RECORDED DATA:
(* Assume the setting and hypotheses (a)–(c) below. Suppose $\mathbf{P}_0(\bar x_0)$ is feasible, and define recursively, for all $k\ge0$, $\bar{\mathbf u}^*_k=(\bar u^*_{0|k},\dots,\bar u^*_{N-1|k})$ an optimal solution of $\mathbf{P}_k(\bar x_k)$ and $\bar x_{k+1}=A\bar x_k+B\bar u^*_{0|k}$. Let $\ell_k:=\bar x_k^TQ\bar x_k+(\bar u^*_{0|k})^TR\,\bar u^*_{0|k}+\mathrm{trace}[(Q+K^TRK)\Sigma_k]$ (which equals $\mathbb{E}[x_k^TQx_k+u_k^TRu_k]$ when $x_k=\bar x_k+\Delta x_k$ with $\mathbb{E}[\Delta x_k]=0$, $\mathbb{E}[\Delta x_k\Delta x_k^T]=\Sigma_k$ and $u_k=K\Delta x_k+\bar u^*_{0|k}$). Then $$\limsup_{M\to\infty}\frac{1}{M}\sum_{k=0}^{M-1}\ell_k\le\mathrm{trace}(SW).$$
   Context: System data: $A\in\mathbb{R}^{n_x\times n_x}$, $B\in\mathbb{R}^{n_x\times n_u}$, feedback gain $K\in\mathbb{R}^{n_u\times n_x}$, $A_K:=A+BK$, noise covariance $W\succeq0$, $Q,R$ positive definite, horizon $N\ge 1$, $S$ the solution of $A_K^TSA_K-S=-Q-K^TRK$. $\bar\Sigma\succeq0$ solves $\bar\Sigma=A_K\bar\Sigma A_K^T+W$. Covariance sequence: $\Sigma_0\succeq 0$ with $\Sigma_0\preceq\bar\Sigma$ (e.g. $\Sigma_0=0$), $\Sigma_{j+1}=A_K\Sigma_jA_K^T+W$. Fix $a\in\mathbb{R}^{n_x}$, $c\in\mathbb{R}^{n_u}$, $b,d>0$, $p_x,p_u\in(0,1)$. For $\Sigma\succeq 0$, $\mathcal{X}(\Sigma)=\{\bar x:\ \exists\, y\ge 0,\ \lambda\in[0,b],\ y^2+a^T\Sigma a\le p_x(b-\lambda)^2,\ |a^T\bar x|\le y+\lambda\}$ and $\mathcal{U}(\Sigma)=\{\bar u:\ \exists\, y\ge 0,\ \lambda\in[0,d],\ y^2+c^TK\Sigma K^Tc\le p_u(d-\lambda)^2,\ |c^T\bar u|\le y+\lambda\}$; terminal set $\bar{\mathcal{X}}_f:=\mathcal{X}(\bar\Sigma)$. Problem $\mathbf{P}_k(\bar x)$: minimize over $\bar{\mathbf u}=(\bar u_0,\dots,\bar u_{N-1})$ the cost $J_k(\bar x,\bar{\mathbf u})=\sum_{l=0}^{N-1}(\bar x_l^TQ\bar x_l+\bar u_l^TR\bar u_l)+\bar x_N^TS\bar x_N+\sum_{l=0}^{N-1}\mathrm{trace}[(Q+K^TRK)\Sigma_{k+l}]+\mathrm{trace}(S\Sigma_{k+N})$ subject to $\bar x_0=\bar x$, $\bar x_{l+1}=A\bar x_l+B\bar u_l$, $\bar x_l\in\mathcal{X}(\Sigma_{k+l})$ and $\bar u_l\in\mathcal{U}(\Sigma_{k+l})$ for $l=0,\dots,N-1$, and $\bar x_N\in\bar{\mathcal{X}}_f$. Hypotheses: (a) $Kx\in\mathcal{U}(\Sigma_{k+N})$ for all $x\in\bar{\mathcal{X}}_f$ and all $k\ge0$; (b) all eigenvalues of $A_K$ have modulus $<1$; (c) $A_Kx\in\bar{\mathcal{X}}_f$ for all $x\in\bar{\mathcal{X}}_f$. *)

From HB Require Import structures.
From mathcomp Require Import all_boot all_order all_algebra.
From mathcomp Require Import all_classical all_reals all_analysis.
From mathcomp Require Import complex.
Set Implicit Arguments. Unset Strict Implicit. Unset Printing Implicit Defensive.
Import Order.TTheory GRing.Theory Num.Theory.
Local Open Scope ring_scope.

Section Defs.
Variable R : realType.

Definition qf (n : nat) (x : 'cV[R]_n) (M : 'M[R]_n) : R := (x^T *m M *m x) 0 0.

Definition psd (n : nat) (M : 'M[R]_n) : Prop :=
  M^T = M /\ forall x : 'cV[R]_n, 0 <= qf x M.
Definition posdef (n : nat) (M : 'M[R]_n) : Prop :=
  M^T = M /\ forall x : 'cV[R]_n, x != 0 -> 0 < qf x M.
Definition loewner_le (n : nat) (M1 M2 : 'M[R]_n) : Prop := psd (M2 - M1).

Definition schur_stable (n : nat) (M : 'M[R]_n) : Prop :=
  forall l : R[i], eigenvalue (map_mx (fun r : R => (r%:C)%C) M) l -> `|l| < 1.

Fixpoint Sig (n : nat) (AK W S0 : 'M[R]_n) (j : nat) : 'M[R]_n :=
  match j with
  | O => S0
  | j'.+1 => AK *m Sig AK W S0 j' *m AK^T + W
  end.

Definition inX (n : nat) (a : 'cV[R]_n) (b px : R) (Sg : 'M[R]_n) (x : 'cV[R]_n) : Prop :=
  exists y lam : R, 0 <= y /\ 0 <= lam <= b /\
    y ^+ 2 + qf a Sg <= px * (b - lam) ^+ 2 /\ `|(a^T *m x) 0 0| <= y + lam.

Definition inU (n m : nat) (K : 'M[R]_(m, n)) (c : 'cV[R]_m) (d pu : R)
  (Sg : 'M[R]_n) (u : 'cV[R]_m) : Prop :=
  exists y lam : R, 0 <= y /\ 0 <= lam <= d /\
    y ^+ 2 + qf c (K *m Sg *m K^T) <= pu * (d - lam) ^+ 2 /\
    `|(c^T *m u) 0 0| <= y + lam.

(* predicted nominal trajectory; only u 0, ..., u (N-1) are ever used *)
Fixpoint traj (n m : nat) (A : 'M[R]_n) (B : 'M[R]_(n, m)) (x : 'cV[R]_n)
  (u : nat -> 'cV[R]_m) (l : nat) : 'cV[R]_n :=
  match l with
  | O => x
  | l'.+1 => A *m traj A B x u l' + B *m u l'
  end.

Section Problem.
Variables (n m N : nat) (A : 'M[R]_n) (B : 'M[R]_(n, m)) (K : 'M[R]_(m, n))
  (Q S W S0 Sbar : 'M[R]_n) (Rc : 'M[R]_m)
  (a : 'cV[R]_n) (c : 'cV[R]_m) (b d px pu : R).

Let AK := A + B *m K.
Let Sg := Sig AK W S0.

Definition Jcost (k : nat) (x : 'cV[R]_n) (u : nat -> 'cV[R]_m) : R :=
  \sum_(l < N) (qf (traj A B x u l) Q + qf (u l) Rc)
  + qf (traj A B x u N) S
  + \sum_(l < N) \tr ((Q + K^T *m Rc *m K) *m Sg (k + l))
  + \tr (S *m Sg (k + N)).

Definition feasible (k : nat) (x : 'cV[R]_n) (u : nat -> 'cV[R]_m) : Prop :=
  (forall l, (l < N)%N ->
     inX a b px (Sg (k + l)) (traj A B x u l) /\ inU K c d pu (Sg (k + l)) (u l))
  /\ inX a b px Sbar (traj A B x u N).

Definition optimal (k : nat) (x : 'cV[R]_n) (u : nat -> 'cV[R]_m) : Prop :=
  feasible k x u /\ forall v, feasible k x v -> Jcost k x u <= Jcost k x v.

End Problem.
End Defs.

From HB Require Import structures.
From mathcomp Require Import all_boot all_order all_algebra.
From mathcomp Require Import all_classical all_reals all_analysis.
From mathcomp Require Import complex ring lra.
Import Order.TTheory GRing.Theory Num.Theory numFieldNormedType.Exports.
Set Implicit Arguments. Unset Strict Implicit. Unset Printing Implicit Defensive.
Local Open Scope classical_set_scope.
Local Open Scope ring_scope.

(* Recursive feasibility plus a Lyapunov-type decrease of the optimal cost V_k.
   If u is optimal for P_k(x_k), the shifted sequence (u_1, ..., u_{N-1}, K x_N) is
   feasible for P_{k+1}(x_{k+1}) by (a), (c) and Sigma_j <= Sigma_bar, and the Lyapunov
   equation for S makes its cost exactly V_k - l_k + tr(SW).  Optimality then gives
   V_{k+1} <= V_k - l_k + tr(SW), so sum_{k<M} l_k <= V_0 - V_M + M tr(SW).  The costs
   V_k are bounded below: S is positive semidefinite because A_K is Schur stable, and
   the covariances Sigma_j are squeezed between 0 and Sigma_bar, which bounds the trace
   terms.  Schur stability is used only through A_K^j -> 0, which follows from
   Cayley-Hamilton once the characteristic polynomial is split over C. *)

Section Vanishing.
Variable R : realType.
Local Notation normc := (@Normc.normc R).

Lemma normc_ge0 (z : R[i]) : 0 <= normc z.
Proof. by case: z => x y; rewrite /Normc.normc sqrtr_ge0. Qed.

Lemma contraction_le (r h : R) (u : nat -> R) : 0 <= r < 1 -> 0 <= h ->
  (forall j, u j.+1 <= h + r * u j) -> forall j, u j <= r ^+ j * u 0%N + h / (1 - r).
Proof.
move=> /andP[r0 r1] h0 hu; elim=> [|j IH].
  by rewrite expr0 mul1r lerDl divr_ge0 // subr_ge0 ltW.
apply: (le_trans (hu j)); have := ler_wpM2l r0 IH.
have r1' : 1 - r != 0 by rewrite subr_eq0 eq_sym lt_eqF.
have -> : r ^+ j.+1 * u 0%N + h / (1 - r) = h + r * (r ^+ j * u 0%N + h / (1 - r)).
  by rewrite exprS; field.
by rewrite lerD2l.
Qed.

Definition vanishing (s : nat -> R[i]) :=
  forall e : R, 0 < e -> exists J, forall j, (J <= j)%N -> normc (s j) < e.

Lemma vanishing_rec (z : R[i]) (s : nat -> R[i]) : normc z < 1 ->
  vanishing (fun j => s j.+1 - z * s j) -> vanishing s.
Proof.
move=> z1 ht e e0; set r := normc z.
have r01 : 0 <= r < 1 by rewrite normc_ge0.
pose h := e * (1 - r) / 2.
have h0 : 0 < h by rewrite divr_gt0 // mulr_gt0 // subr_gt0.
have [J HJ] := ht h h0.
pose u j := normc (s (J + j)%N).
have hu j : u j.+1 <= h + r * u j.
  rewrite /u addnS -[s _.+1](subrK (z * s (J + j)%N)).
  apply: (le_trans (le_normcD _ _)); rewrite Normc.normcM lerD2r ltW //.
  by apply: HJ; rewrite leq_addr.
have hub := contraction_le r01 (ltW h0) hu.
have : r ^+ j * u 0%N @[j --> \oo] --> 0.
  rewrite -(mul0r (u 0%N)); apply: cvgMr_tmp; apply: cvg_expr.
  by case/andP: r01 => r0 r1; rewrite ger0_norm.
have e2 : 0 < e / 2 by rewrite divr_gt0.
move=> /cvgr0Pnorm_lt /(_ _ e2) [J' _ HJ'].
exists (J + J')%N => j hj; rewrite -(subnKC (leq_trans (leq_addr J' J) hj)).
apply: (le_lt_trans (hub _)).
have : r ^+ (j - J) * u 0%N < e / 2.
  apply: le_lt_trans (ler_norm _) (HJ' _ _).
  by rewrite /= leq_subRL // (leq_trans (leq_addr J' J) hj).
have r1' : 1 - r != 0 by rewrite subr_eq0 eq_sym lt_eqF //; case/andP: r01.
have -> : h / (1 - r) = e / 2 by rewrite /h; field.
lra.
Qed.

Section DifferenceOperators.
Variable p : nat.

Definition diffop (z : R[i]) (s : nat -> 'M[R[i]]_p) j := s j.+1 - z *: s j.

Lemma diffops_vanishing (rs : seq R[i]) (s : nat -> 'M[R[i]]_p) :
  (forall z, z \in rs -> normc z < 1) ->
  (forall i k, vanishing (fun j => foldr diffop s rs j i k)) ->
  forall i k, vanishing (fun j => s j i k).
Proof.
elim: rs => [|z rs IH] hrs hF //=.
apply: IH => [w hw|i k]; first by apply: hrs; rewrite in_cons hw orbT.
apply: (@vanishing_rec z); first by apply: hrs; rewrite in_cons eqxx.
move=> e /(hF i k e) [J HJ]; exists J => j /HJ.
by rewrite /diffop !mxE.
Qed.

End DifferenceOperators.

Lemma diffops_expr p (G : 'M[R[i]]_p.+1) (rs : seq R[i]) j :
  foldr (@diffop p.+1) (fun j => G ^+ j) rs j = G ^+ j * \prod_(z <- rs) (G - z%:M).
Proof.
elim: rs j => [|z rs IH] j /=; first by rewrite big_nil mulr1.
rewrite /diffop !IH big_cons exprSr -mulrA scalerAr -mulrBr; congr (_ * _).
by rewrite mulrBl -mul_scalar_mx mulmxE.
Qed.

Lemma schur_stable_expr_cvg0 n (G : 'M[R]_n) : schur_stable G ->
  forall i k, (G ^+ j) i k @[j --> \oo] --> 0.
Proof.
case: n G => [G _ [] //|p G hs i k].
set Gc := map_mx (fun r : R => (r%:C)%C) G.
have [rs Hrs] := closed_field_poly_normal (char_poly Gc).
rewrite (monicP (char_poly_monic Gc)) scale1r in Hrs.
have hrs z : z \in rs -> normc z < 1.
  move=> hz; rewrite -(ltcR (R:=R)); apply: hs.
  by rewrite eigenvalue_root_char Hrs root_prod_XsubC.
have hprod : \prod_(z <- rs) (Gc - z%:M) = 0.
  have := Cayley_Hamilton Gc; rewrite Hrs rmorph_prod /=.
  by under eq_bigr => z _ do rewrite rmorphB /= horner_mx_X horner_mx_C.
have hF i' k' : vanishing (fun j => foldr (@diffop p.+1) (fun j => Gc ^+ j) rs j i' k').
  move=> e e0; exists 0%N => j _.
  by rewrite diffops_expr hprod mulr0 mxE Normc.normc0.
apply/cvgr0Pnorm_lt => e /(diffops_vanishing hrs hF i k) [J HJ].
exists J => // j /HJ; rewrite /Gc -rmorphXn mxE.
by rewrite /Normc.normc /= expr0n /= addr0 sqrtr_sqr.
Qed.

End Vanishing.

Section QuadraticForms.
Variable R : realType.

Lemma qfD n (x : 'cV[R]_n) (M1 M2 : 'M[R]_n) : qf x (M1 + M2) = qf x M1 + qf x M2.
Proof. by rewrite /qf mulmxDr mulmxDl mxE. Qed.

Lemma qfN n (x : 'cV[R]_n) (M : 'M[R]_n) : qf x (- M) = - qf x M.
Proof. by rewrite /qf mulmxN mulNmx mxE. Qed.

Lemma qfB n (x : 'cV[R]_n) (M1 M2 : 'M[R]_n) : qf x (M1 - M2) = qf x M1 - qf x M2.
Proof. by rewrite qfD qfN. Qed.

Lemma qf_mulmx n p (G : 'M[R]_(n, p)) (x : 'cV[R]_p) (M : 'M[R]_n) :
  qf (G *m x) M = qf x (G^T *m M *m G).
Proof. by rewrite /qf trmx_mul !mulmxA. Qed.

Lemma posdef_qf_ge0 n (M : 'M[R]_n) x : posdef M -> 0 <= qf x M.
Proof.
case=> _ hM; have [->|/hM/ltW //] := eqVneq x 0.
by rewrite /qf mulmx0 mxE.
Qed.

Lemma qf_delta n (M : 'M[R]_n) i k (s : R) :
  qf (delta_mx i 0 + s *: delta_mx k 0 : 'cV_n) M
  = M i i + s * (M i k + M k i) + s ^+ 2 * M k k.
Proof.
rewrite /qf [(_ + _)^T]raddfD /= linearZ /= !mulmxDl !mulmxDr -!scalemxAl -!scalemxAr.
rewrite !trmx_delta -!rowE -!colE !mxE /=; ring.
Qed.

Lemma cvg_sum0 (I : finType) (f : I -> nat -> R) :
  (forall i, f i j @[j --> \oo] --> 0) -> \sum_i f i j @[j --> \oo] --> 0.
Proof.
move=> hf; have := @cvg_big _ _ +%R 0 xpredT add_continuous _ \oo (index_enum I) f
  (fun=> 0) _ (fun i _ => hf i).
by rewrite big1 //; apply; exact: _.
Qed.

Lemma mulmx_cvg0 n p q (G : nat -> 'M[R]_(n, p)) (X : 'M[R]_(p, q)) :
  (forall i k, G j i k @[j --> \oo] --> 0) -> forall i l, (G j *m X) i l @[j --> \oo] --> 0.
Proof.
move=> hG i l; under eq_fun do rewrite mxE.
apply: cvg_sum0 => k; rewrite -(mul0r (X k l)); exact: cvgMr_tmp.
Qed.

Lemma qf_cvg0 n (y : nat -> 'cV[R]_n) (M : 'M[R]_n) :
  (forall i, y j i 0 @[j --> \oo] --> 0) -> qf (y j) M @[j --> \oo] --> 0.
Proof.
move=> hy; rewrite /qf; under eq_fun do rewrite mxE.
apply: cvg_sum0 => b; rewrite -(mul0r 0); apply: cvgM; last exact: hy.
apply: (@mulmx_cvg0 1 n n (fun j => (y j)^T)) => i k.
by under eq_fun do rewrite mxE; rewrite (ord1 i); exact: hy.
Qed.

--

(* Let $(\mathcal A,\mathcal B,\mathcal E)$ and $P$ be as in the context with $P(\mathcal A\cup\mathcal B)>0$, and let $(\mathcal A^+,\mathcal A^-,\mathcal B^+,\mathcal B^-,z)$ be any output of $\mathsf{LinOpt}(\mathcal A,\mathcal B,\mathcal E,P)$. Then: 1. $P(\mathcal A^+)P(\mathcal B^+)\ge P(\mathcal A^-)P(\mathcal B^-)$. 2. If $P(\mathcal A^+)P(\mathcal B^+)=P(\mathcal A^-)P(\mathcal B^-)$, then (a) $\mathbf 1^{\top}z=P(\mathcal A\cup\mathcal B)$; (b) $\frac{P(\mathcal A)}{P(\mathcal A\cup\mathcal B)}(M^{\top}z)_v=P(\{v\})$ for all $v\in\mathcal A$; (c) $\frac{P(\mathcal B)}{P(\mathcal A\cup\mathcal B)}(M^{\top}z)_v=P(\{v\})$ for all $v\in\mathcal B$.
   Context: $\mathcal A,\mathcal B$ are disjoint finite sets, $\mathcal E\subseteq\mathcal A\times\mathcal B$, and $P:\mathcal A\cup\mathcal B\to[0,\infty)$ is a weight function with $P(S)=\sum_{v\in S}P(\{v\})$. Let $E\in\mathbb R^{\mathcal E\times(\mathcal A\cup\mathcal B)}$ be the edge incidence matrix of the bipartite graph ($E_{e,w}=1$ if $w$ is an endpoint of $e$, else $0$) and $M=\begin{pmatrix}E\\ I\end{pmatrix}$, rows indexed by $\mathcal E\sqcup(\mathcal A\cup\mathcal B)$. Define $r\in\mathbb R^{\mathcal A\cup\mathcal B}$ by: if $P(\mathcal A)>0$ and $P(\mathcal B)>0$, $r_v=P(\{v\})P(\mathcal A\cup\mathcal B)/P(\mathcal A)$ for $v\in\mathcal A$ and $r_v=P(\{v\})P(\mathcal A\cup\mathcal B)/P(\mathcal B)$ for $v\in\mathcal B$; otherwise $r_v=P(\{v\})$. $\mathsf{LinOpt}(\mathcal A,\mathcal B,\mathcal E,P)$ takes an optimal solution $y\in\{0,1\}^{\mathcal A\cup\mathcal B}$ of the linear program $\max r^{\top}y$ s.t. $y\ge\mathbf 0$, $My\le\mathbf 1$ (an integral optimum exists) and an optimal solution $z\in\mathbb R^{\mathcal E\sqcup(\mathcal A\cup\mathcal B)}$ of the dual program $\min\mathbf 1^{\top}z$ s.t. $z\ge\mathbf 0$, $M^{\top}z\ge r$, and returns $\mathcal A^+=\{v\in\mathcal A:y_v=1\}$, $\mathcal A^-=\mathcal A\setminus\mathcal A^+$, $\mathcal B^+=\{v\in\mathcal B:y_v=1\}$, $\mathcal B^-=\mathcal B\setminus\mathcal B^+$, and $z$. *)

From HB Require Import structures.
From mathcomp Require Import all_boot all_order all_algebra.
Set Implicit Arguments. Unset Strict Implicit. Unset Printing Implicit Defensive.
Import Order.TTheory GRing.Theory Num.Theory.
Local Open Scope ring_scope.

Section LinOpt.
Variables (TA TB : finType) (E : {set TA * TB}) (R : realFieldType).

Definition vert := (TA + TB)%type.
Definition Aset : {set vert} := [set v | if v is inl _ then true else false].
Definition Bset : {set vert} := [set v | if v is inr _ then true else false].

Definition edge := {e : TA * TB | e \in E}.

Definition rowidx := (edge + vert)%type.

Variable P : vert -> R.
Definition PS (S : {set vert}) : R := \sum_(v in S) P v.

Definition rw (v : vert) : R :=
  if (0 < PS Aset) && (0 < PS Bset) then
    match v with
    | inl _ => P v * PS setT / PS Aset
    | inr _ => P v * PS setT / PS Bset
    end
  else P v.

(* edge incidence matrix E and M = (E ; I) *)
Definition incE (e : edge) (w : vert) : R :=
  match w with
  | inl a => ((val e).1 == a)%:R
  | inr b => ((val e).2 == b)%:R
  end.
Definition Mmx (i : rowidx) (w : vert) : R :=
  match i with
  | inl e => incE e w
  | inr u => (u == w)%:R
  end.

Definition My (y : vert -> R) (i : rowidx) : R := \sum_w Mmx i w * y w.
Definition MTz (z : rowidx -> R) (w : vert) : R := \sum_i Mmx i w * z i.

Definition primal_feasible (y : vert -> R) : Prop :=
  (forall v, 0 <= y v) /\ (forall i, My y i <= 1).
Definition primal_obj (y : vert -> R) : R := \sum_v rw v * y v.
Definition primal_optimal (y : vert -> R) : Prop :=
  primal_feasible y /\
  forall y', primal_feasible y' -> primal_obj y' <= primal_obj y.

WORK TASK: Return a word-for-word copy of the lines above from the one holding "move=> /andP[r0 r1] h0 hu; elim=> [|j IH]." through the one holding "have e2 : 0 < e / 2 by rewrite divr_gt0.", with both of them included and nothing besides.

SOLUTION:
move=> /andP[r0 r1] h0 hu; elim=> [|j IH].
  by rewrite expr0 mul1r lerDl divr_ge0 // subr_ge0 ltW.
apply: (le_trans (hu j)); have := ler_wpM2l r0 IH.
have r1' : 1 - r != 0 by rewrite subr_eq0 eq_sym lt_eqF.
have -> : r ^+ j.+1 * u 0%N + h / (1 - r) = h + r * (r ^+ j * u 0%N + h / (1 - r)).
  by rewrite exprS; field.
by rewrite lerD2l.
Qed.

Definition vanishing (s : nat -> R[i]) :=
  forall e : R, 0 < e -> exists J, forall j, (J <= j)%N -> normc (s j) < e.

Lemma vanishing_rec (z : R[i]) (s : nat -> R[i]) : normc z < 1 ->
  vanishing (fun j => s j.+1 - z * s j) -> vanishing s.
Proof.
move=> z1 ht e e0; set r := normc z.
have r01 : 0 <= r < 1 by rewrite normc_ge0.
pose h := e * (1 - r) / 2.
have h0 : 0 < h by rewrite divr_gt0 // mulr_gt0 // subr_gt0.
have [J HJ] := ht h h0.
pose u j := normc (s (J + j)%N).
have hu j : u j.+1 <= h + r * u j.
  rewrite /u addnS -[s _.+1](subrK (z * s (J + j)%N)).
  apply: (le_trans (le_normcD _ _)); rewrite Normc.normcM lerD2r ltW //.
  by apply: HJ; rewrite leq_addr.
have hub := contraction_le r01 (ltW h0) hu.
have : r ^+ j * u 0%N @[j --> \oo] --> 0.
  rewrite -(mul0r (u 0%N)); apply: cvgMr_tmp; apply: cvg_expr.
  by case/andP: r01 => r0 r1; rewrite ger0_norm.
have e2 : 0 < e / 2 by rewrite divr_gt0.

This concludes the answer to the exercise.